WHAT YOU SHOULD DO ▸ Pull every line containing "first" out of the listing below.
■ ■ ■ ■ ■
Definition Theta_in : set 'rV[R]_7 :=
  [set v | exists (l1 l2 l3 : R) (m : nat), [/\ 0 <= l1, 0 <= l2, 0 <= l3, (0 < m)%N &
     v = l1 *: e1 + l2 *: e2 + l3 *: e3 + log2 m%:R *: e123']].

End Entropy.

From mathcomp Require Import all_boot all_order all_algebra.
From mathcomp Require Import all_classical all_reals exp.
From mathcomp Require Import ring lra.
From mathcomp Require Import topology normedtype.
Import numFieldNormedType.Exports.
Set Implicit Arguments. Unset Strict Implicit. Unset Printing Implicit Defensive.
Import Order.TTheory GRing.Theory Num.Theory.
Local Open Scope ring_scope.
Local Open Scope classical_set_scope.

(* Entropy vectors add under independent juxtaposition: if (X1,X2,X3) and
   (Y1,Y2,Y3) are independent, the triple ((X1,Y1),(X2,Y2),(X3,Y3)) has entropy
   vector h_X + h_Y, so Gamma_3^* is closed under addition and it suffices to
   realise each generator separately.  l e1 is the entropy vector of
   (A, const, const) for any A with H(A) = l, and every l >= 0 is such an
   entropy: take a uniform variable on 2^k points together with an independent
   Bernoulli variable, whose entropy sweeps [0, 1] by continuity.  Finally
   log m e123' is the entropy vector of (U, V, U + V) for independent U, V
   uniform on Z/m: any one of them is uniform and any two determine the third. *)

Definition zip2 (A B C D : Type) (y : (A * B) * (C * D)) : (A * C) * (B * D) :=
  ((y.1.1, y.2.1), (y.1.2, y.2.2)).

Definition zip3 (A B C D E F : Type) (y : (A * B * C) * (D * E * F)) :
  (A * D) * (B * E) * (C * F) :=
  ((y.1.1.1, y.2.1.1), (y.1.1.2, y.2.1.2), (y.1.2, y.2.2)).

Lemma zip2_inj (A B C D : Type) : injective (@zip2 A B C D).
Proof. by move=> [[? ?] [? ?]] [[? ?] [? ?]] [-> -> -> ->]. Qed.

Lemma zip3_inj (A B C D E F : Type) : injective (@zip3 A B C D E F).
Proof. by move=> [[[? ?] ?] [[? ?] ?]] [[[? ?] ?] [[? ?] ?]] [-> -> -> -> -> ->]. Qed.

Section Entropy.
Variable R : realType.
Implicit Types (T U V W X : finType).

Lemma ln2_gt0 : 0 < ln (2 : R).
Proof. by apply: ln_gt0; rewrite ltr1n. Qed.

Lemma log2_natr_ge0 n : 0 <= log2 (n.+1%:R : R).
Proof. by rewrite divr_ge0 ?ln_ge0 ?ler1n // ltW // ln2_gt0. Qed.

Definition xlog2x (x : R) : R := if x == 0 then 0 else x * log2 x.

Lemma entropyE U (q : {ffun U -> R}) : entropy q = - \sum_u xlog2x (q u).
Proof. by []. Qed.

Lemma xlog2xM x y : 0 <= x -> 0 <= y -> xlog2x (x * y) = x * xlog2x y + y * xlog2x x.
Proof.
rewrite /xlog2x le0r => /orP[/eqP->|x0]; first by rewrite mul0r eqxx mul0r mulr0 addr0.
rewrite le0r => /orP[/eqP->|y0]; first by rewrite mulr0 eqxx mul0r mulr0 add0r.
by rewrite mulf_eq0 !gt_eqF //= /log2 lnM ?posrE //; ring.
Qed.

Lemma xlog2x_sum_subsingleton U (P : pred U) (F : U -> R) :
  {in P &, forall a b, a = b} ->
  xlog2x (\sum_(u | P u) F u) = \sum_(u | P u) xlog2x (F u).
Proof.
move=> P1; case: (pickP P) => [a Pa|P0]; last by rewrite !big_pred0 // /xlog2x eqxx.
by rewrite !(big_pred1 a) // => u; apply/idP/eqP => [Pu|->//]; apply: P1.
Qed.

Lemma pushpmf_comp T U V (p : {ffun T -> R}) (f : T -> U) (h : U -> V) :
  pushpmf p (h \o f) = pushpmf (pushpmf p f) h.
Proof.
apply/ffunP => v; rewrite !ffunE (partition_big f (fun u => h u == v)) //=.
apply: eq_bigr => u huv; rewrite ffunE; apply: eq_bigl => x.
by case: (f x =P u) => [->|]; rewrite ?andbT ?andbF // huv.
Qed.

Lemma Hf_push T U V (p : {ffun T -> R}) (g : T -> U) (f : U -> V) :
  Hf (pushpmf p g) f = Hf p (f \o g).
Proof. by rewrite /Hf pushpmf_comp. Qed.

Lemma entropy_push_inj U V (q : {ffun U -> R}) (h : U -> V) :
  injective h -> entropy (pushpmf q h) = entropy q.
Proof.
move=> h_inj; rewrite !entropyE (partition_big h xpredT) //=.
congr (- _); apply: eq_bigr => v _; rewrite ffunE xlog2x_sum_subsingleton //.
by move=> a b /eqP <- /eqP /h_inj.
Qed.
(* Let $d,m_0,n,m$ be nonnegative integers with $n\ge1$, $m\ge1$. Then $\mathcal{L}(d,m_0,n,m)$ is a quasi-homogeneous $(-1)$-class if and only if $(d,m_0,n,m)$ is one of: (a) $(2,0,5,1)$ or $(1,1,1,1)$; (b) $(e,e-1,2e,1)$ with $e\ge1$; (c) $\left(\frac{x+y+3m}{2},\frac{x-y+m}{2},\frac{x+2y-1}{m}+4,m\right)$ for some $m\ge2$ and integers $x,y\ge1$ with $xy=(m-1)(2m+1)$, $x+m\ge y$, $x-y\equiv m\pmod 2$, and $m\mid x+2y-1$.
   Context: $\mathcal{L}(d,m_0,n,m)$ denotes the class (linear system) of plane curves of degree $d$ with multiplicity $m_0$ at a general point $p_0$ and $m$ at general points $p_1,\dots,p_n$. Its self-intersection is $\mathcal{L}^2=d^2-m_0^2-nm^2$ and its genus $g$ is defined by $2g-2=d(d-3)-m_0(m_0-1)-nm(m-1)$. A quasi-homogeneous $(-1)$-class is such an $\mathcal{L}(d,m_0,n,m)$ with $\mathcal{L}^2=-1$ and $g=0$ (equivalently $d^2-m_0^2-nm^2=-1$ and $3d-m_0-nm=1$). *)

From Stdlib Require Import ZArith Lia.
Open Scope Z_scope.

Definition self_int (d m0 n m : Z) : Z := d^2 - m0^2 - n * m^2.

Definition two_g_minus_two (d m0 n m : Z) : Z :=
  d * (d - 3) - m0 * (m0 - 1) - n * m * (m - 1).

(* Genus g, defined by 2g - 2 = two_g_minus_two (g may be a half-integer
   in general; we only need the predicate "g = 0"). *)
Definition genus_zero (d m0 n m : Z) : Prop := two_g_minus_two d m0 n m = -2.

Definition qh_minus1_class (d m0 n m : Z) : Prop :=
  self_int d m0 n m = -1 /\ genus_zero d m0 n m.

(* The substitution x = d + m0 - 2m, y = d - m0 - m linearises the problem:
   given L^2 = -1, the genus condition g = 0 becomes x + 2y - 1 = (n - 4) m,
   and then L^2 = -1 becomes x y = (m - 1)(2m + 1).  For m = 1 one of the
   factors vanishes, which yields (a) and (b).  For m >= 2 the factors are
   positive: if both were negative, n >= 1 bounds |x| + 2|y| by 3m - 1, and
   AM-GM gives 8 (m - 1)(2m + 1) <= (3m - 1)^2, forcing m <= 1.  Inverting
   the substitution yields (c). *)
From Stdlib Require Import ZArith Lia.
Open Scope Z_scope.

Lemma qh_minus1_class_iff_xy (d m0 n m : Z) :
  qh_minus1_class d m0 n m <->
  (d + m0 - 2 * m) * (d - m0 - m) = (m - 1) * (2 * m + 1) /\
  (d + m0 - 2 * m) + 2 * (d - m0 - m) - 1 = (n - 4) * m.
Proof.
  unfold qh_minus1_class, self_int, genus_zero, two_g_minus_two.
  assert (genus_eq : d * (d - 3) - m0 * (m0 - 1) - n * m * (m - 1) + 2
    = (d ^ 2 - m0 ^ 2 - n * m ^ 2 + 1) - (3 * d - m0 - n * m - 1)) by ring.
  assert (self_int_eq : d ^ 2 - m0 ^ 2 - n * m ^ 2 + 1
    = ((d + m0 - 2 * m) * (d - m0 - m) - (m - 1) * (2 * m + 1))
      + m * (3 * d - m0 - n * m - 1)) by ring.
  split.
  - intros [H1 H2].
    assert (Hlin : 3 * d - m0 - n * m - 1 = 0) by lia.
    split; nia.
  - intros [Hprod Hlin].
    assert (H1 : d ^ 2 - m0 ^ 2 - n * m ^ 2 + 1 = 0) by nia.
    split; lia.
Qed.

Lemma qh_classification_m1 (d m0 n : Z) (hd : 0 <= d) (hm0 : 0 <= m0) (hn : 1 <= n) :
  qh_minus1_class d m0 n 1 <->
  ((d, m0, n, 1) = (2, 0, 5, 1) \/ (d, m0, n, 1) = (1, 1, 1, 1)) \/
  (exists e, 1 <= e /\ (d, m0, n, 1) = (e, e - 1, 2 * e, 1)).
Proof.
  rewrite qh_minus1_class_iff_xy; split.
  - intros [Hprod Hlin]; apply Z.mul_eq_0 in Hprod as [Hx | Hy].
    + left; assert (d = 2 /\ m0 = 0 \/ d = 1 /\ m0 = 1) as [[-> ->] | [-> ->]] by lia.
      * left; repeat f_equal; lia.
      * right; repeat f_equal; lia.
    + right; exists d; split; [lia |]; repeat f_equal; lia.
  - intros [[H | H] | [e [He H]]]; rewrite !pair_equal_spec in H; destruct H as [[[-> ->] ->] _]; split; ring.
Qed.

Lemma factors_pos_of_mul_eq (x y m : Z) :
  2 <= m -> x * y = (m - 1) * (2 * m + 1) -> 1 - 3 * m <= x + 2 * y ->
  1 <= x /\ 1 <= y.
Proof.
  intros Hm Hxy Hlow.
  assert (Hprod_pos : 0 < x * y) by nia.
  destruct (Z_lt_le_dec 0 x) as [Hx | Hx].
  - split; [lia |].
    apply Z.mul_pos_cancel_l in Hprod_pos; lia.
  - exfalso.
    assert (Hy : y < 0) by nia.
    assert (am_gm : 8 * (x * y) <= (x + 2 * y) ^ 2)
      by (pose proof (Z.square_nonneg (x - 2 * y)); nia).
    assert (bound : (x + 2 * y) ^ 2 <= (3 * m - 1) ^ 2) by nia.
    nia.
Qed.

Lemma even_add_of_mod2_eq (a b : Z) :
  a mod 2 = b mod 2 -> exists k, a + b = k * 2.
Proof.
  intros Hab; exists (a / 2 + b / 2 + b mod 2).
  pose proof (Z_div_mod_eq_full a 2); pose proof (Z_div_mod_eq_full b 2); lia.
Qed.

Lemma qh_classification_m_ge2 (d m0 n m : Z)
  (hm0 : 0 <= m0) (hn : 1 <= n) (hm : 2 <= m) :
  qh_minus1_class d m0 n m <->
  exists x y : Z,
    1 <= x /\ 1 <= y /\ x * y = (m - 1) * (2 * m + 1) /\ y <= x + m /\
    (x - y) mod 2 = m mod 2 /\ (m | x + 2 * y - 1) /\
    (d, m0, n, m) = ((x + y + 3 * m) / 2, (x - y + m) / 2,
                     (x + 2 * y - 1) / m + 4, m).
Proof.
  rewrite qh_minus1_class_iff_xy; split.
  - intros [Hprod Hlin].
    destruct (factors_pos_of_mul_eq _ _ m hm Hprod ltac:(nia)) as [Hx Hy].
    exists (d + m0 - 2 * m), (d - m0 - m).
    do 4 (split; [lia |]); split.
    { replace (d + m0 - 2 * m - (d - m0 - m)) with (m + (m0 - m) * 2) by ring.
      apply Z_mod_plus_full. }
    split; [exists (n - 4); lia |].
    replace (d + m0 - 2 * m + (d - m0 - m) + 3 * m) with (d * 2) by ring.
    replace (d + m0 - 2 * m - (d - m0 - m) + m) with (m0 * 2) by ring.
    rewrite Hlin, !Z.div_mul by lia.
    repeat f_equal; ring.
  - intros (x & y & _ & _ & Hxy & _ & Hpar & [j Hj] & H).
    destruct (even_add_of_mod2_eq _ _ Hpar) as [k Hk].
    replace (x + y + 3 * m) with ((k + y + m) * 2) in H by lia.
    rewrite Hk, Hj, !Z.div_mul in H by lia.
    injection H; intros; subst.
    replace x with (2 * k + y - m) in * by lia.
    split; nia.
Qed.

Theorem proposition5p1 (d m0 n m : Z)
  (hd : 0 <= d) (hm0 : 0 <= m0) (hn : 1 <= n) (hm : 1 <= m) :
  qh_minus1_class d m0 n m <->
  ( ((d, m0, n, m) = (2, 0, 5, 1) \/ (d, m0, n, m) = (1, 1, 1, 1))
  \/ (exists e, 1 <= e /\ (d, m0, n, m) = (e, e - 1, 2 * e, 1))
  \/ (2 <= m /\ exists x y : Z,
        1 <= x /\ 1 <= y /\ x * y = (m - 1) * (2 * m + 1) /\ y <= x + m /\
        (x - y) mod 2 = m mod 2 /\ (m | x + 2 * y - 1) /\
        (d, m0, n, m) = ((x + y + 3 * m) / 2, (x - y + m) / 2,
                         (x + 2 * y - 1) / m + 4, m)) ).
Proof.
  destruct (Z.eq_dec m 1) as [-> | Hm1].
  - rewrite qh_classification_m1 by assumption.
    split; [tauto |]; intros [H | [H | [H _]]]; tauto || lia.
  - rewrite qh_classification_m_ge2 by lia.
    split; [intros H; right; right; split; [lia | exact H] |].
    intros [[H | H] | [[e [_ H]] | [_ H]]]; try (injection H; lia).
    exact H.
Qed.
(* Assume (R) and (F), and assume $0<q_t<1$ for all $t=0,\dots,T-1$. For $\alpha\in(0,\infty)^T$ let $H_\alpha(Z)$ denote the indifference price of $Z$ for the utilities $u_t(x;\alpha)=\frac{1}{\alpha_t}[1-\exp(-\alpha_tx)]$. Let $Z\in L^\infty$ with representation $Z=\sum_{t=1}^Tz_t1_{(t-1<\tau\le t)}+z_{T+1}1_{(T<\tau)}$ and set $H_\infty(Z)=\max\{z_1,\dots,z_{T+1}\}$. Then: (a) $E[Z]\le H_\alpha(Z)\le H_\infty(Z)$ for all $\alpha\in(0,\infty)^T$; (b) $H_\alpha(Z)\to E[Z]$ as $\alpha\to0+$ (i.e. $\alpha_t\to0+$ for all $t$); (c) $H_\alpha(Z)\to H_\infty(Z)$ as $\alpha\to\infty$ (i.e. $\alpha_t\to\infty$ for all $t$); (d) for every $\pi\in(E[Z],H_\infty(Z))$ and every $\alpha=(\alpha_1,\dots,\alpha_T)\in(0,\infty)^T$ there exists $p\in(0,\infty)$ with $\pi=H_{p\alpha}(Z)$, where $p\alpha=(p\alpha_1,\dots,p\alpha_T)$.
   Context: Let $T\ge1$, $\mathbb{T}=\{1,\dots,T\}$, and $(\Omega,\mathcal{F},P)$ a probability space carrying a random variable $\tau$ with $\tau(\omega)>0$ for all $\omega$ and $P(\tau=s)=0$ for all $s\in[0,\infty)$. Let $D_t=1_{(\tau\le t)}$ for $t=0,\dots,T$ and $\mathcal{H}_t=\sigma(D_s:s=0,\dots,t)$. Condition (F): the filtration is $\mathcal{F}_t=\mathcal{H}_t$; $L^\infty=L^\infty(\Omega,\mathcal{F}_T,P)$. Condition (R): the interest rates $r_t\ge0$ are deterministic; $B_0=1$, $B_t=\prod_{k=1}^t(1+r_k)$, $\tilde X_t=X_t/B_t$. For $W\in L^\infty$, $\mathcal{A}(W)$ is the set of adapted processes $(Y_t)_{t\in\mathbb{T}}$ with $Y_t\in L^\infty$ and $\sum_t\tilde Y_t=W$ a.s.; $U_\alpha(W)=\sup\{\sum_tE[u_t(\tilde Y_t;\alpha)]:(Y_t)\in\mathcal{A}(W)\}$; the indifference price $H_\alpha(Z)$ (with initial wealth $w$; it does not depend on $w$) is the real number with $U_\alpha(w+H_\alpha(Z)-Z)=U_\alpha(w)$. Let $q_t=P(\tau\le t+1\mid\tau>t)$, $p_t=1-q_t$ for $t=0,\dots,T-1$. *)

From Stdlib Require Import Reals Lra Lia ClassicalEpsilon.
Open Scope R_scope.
■ ■ ■ ■ ■
REPLY ▸
rewrite /xlog2x le0r => /orP[/eqP->|x0]; first by rewrite mul0r eqxx mul0r mulr0 addr0.
rewrite le0r => /orP[/eqP->|y0]; first by rewrite mulr0 eqxx mul0r mulr0 add0r.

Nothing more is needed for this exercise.